(** * Frenet apparatus of a 3-jet *)

(* The formulas of [curvature], [torsion], [beta_nf] and [xi_nf] as functions of the derivatives
   [D1, D2, D3] of the curve and of the values [a, a'] of the first angular function and its
   derivative. *)
Definition jet_tangent (D1 : V3) : V3 := vscal (/ vnorm D1) D1.
Definition jet_binormal (D1 D2 : V3) : V3 := vscal (/ vnorm (cross D1 D2)) (cross D1 D2).
Definition jet_normal (D1 D2 : V3) : V3 := cross (jet_binormal D1 D2) (jet_tangent D1).
Definition jet_curvature (D1 D2 : V3) : R := vnorm (cross D1 D2) / vnorm D1 ^ 3.
Definition jet_torsion (D1 D2 D3 : V3) : R := det3 D1 D2 D3 / vnorm (cross D1 D2) ^ 2.
Definition jet_beta (D1 D2 D3 : V3) (a a' : R) : R :=
  PI / 2 - atan ((a' + jet_torsion D1 D2 D3) / (jet_curvature D1 D2 * sin a)).
Definition jet_ruling (D1 D2 D3 : V3) (a a' : R) : V3 :=
  vadd (vscal (cos (jet_beta D1 D2 D3 a a')) (jet_tangent D1))
       (vscal (sin (jet_beta D1 D2 D3 a a'))
              (vadd (vscal (cos a) (jet_normal D1 D2)) (vscal (sin a) (jet_binormal D1 D2)))).

Lemma xi_nf_jet c al s :
  xi_nf c al s = jet_ruling (Dv c s) (Dv (Dv c) s) (Dv (Dv (Dv c)) s) (al s) (Derive al s).
Proof. reflexivity. Qed.

Lemma curvature_jet c s : curvature c s = jet_curvature (Dv c s) (Dv (Dv c) s).
Proof. reflexivity. Qed.

Lemma sin_sign d a : d = 1 \/ d = -1 -> sin (d * a) = d * sin a.
Proof.
  intros [-> | ->]; [rewrite !Rmult_1_l | replace (-1 * a) with (- a) by ring; rewrite sin_neg];
    ring.
Qed.

Lemma cos_sign d a : d = 1 \/ d = -1 -> cos (d * a) = cos a.
Proof.
  intros [-> | ->]; [rewrite Rmult_1_l | replace (-1 * a) with (- a) by ring; apply cos_neg].
  reflexivity.
Qed.

Lemma Rdiv_sign d x y : d = 1 \/ d = -1 -> (d * x) / (d * y) = x / y.
Proof.
  intros [-> | ->]; [rewrite !Rmult_1_l; reflexivity |].
  replace (-1 * x) with (- x) by ring; replace (-1 * y) with (- y) by ring.
  unfold Rdiv; rewrite Rinv_opp; ring.
Qed.
Theorem proposition6p9 (K : comNzRingType)
  (charK0 : forall m : nat, (m%:R : K) = 0 -> m = 0%N)
  (n : nat) (hn : (1 <= n)%N) :
  (forall w : word, is_term (DnAndI K n) w ->
     exists f : {ffun 'I_n -> option bool}, w = word_of f)
  /\ (forall f : {ffun 'I_n -> option bool},
        is_term (DnAndI K n) (word_of f) <-> is_motzkin (steps f))
  /\ num_terms (DnAndI K n) = motzkin_number n.
Proof.
have term_word_of := is_term_DnAndI_word_of charK0 (n := n).
have term_motzkin := is_term_DnAndI_motzkin charK0.
split=> //; split=> //.
rewrite /num_terms /motzkin_number cardE -(size_map (@word_of n)).
apply/perm_size/uniq_perm; first by rewrite filter_uniq ?undup_uniq.
  by rewrite map_inj_uniq ?enum_uniq //; exact: word_of_inj.
move=> w; rewrite mem_terms; apply/idP/mapP => [Hw | [f]].
  have [f Ef] := term_word_of w Hw; exists f => //.
  by rewrite mem_enum inE -term_motzkin -Ef.
by rewrite mem_enum inE -term_motzkin => Hf ->.
Qed.
Definition density (C : numClosedFieldType) n (rho : 'M[C]_n) : Prop :=
  psd rho /\ \tr rho = 1.

Definition observable (C : numClosedFieldType) n (A : 'M[C]_n) : Prop :=
  hermitian A /\ (forall a, eigenvalue A a -> (-1 <= a <= 1)).

Definition singular_value (C : numClosedFieldType) m n (A : 'M[C]_(m, n)) (s : C) : Prop :=
  0 <= s /\ eigenvalue (adjmx A *m A) (s ^+ 2).

Definition strategy_value (C : numClosedFieldType) M1 M2 (g : 'M[C]_(M1, M2))
    d1 d2 (rho : 'M[C]_(d1 * d2)) (A1 : 'I_M1 -> 'M[C]_d1) (A2 : 'I_M2 -> 'M[C]_d2) : C :=
  \sum_(x1 < M1) \sum_(x2 < M2) g x1 x2 * \tr (rho *m kronmx (A1 x1) (A2 x2)).

Definition is_quantum_strategy (C : numClosedFieldType) M1 M2 d1 d2
    (rho : 'M[C]_(d1 * d2)) (A1 : 'I_M1 -> 'M[C]_d1) (A2 : 'I_M2 -> 'M[C]_d2) : Prop :=
  density rho /\ (forall x1, observable (A1 x1)) /\ (forall x2, observable (A2 x2)).

Definition quantum_value_attained (C : numClosedFieldType) M1 M2 (g : 'M[C]_(M1, M2)) (v : C) : Prop :=
  (forall d1 d2 (rho : 'M[C]_(d1 * d2)) (A1 : 'I_M1 -> 'M[C]_d1) (A2 : 'I_M2 -> 'M[C]_d2),
      is_quantum_strategy rho A1 A2 -> strategy_value g rho A1 A2 <= v) /\
  (exists d1 d2 (rho : 'M[C]_(d1 * d2)) (A1 : 'I_M1 -> 'M[C]_d1) (A2 : 'I_M2 -> 'M[C]_d2),
      is_quantum_strategy rho A1 A2 /\ strategy_value g rho A1 A2 = v).

(* The game matrix, 0-based indices i = x1 - 1, j = x2 - 1:
   g_{x1,x2} = 1 - 2 (floor(2^{1-x2} (x1-1)) mod 2) = 1 - 2 ((i %/ 2^j) %% 2). *)
Definition gmat (R : pzRingType) M1 M2 : 'M[R]_(M1, M2) :=
  \matrix_(i < M1, j < M2) (1 - 2 * (((i : nat) %/ 2 ^ (j : nat)) %% 2)%N%:R).

From HB Require Import structures.
From mathcomp Require Import all_boot all_order all_algebra.
From mathcomp Require Import ring zify.
Import Order.TTheory GRing.Theory Num.Theory.
Set Implicit Arguments. Unset Strict Implicit. Unset Printing Implicit Defensive.
Local Open Scope ring_scope.

(* The game matrix is g_{ij} = (-1)^(bit j of i), with i < M1 = 2^(M2-1), j < M2.
   1. Singular values.  Distinct columns of g are orthogonal, because two
      different binary digits of i are independent signs as i ranges over
      [0, 2^n); hence g^* g = M1 I and every singular value is sqrt M1.
   2. Upper bound, for any real g with g^T g = M1 I.  Writing
      N_x = sum_y g_{xy} B_y, the value is sum_x tr(rho (A_x (x) N_x)).  The
      positivity 0 <= tr(rho Z^* Z) for Z = t A_x (x) 1 - 1 (x) N_x is an
      operator AM-GM inequality; summed over x, orthogonality turns
      sum_x N_x^2 into M1 sum_y B_y^2, and tr(rho (X^2 (x) 1)) <= 1 for an
      observable X.  Taking t = sqrt M2 bounds the value by M1 sqrt M2.
   3. Attainment, for any real +-1 matrix g.  Bob measures M2 pairwise
      anticommuting Hermitian involutions (Clifford generators, block
      matrices of size 2^M2), Alice measures A_x = M2^(-1/2) sum_y g_{xy} B_y,
      again an involution thanks to anticommutation, and they share the
      maximally entangled state, for which tr(rho (A (x) B)) = tr(A B^T) / d.
   The file first develops Kronecker products and adjoints, then proves the
   three parts in order; the theorem is assembled at the end. *)

Lemma sum_delta (V : zmodType) n (i : 'I_n) (F : 'I_n -> V) :
  \sum_j (if i == j then F j else 0) = F i.
Proof. by rewrite -big_mkcond (big_pred1 i) // => j; rewrite eq_sym. Qed.

Lemma sum_delta_mull (R : pzRingType) n (i : 'I_n) a (F : 'I_n -> R) :
  \sum_j (if i == j then a else 0) * F j = a * F i.
Proof.
rewrite -(sum_delta i (fun j => a * F j)).
by apply: eq_bigr => j _; case: eqP; rewrite ?mul0r.
Qed.

(** * Kronecker products *)

Definition kron_pair m n (u : 'I_m * 'I_n) : 'I_(m * n) :=
  cast_ord (mxvec_cast m n) (enum_rank u).

Lemma kron_pairK m n : cancel (@kron_pair m n) (@kron_idx m n).
Proof. by move=> u; rewrite /kron_idx /kron_pair cast_ordK enum_rankK. Qed.

Lemma kron_idxK m n : cancel (@kron_idx m n) (@kron_pair m n).
Proof. by move=> p; rewrite /kron_idx /kron_pair enum_valK cast_ordKV. Qed.

Lemma sum_kron_idx (V : zmodType) m n (F : 'I_(m * n) -> V) :
  \sum_p F p = \sum_i \sum_j F (kron_pair (i, j)).
Proof.
rewrite (reindex (@kron_pair m n)); last first.
  by exists (@kron_idx m n) => x _; [apply: kron_pairK | apply: kron_idxK].
by rewrite pair_big /=; apply: eq_bigr => -[i j].
Qed.

Lemma kronE (R : pzRingType) m1 n1 m2 n2 (A : 'M[R]_(m1, n1)) (B : 'M[R]_(m2, n2))
    i j k l :
  kronmx A B (kron_pair (i, j)) (kron_pair (k, l)) = A i k * B j l.
Proof. by rewrite /kronmx mxE !kron_pairK. Qed.

Lemma kron_mul (R : comPzRingType) m n p q r s (A : 'M[R]_(m, n)) (B : 'M[R]_(p, q))
    (C : 'M[R]_(n, r)) (D : 'M[R]_(q, s)) :
  kronmx A B *m kronmx C D = kronmx (A *m C) (B *m D).
Proof.
apply/matrixP => x y; rewrite -(kron_idxK x) -(kron_idxK y).
case: (kron_idx x) (kron_idx y) => [a b] [c d].
rewrite kronE !mxE sum_kron_idx big_distrlr /=.
by apply: eq_bigr => i _; apply: eq_bigr => j _; rewrite !kronE mulrACA.
Qed.
(* For any path $\omega\in\Omega$ that is wCH-random for a computable precise temporal forecasting system $\varphi$: $\big[\liminf_{n\to\infty}\varphi(\omega_{1:n}),\ \limsup_{n\to\infty}\varphi(\omega_{1:n})\big]\subseteq I_\textnormal{wCH}(\omega).$
   Context: $\mathcal{X}=\{0,1\}$; $\Omega=\mathcal{X}^{\mathbb{N}}$ (paths); $\mathbb{S}=\bigcup_{n\ge0}\mathcal X^n$ (situations), $|s|$ length, $\omega_{1:n}=(\omega_1,\dots,\omega_n)$, $\omega_{1:0}$ the empty string. $\mathcal{I}$: nonempty closed intervals $I\subseteq[0,1]$. A forecasting system is $\varphi:\mathbb S\to\mathcal I$, $\underline\varphi=\min\varphi$, $\overline\varphi=\max\varphi$; precise if $\underline\varphi=\overline\varphi$ (then $\varphi(s)$ is identified with the number $\underline\varphi(s)$); temporal if $\varphi(s)=\varphi(t)$ whenever $|s|=|t|$; an interval forecast $I$ is identified with the constant forecasting system $s\mapsto I$. $\varphi$ is computable if there are recursive $\underline q,\overline q:\mathbb S\times\mathbb N_0\to\mathbb Q$ with $|\underline\varphi(s)-\underline q(s,n)|<2^{-n}$ and $|\overline\varphi(s)-\overline q(s,n)|<2^{-n}$. A path $\omega$ is wCH-random for $\varphi$ if for every recursive temporal selection process $S:\mathbb S\to\{0,1\}$ (i.e. $S(s)$ depends only on $|s|$) with $\sum_{k=0}^{n-1}S(\omega_{1:k})\to\infty$: $\liminf_n \frac{\sum_{k<n}S(\omega_{1:k})[\omega_{k+1}-\underline\varphi(\omega_{1:k})]}{\sum_{k<n}S(\omega_{1:k})}\ge0$ and $\limsup_n \frac{\sum_{k<n}S(\omega_{1:k})[\omega_{k+1}-\overline\varphi(\omega_{1:k})]}{\sum_{k<n}S(\omega_{1:k})}\le0$. $\mathcal I_\textnormal{wCH}(\omega)=\{I\in\mathcal I:\omega\text{ wCH-random for }I\}$, $I_\textnormal{wCH}(\omega)=\bigcap_{I\in\mathcal I_\textnormal{wCH}(\omega)}I$. *)

From HB Require Import structures.
From mathcomp Require Import all_boot all_order all_algebra.
From mathcomp Require Import all_classical all_reals all_analysis.
From Stdlib Require List.
Set Implicit Arguments. Unset Strict Implicit. Unset Printing Implicit Defensive.
Import Order.TTheory GRing.Theory Num.Theory.

(* minimisation.  Missing arguments default to 0.                     *)
Inductive gen_rec : (seq nat -> nat) -> Prop :=
| gr_zero : gen_rec (fun _ => 0%N)
| gr_succ : gen_rec (fun l => (head 0%N l).+1)
| gr_proj (i : nat) : gen_rec (fun l => nth 0%N l i)
| gr_comp (f : seq nat -> nat) (gs : seq (seq nat -> nat)) :
    gen_rec f -> (forall g, Stdlib.Lists.List.In g gs -> gen_rec g) ->
    gen_rec (fun l => f (map (fun g => g l) gs))
| gr_prec (f g F : seq nat -> nat) :
    gen_rec f -> gen_rec g ->
    F [::] = f [::] ->
    (forall l, F (0%N :: l) = f l) ->
    (forall n l, F (n.+1 :: l) = g (n :: F (n :: l) :: l)) ->
    gen_rec F
| gr_mu (f F : seq nat -> nat) :
    gen_rec f ->
    (forall l, f (F l :: l) = 0%N /\ (forall k, (k < F l)%N -> f (k :: l) <> 0%N)) ->
    gen_rec F.

(* the string b1...bn is coded by the number with binary digits 1b1...bn. *)
Definition encode_seq (s : seq bool) : nat :=
  foldl (fun acc (b : bool) => (acc.*2 + b)%N) 1%N s.

(* Standard decoding of naturals into rationals (surjective, recursive):
   m+1 = 2^a * (2b+1) gives the pair (a,b); a is read as an integer via
   the zigzag coding and the rational is that integer divided by b+1. *)
Definition decode_pair (m : nat) : nat * nat :=
  let a := logn 2 m.+1 in (a, ((m.+1 %/ 2 ^ a)%N)./2).
Definition zigzag (a : nat) : int :=
  (if odd a then - (a./2.+1)%:Z else (a./2)%:Z)%R.
Definition decode_rat (m : nat) : rat :=
  let p := decode_pair m in ((zigzag p.1)%:~R / (p.2.+1)%:R)%R.

Definition recursive_sel (S : seq bool -> bool) : Prop :=
  exists F, gen_rec F /\ forall s, F [:: encode_seq s] = nat_of_bool (S s).

Definition recursive_rat (q : seq bool -> nat -> rat) : Prop :=
  exists F, gen_rec F /\ forall s n, decode_rat (F [:: encode_seq s; n]) = q s n.

Section Forecasting.
Variable R : realType.
Local Open Scope ring_scope.
Local Open Scope classical_set_scope.
Import numFieldNormedType.Exports.

(* omega_{1:n} : the first n outcomes (omega_k is  omega (k-1)). *)
Definition path_prefix (w : nat -> bool) (n : nat) : seq bool := mkseq w n.

(* A forecasting system phi : S -> I is represented by its lower and
   upper bounds  lo = underline phi,  hi = overline phi. *)
Definition forecasting_system (lo hi : seq bool -> R) : Prop :=
  forall s, 0 <= lo s /\ lo s <= hi s /\ hi s <= 1.

Definition temporal_fun (T : Type) (f : seq bool -> T) : Prop :=
  forall s t, size s = size t -> f s = f t.

Definition computable_fs (lo hi : seq bool -> R) : Prop :=
  exists ql qh : seq bool -> nat -> rat,
    recursive_rat ql /\ recursive_rat qh /\
    forall s n, `|lo s - ratr (ql s n)| < 2%:R ^- n /\
                `|hi s - ratr (qh s n)| < 2%:R ^- n.

Definition sel_count (S : seq bool -> bool) (w : nat -> bool) (n : nat) : R :=
  \sum_(k < n) (S (path_prefix w k))%:R.

Definition sel_avg (S : seq bool -> bool) (w : nat -> bool) (f : seq bool -> R)
    (n : nat) : R :=
  (\sum_(k < n) (S (path_prefix w k))%:R * ((w k)%:R - f (path_prefix w k)))
    / sel_count S w n.

Definition wCH_random (lo hi : seq bool -> R) (w : nat -> bool) : Prop :=
  forall S : seq bool -> bool,
    recursive_sel S -> temporal_fun S ->
    sel_count S w @ \oo --> +oo ->
    0 <= limn_inf (sel_avg S w lo) /\ limn_sup (sel_avg S w hi) <= 0.

Definition interval01 (a b : R) : Prop := 0 <= a /\ a <= b /\ b <= 1.

Definition I_wCH (w : nat -> bool) : set R :=
  [set x | forall a b : R, interval01 a b ->
             wCH_random (fun _ => a) (fun _ => b) w -> a <= x <= b].

End Forecasting.

(* Write c_n := p (omega_{1:n}).  As p is temporal, c_n = p (0^n), so the N-th
   rational approximation of c_n is a recursive function of n.  If a > liminf c,
   take a rational r with liminf c + 2^-N < r < a - 2^-N: the temporal selection
   "select n when the N-th approximation of c_n is below r" is recursive, selects
   infinitely often and only selects forecasts c_n <= a - e for some e > 0.  Along
   it the averages of omega_{k+1} - a stay e below the averages of omega_{k+1} - c_k,
   which is incompatible with randomness for [a, b] (their liminf is >= 0)
   together with randomness for p (the limsup of the latter is <= 0).  The case
   b < limsup c is symmetric. *)

From HB Require Import structures.
From mathcomp Require Import all_boot all_order all_algebra.
From mathcomp Require Import all_classical all_reals all_analysis.
From mathcomp Require Import lra zify.
Import Order.TTheory GRing.Theory Num.Theory.

Set Implicit Arguments.
Unset Strict Implicit.
Unset Printing Implicit Defensive.

Implicit Types (F G f g h : seq nat -> nat).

==========

PROBLEM. Taking the records from the top, repeat each line exactly until you have repeated the line that contains "Definition jet_binormal (D1".

EXERCISE ANSWER.
(** * Frenet apparatus of a 3-jet *)

(* The formulas of [curvature], [torsion], [beta_nf] and [xi_nf] as functions of the derivatives
   [D1, D2, D3] of the curve and of the values [a, a'] of the first angular function and its
   derivative. *)
Definition jet_tangent (D1 : V3) : V3 := vscal (/ vnorm D1) D1.
Definition jet_binormal (D1 D2 : V3) : V3 := vscal (/ vnorm (cross D1 D2)) (cross D1 D2).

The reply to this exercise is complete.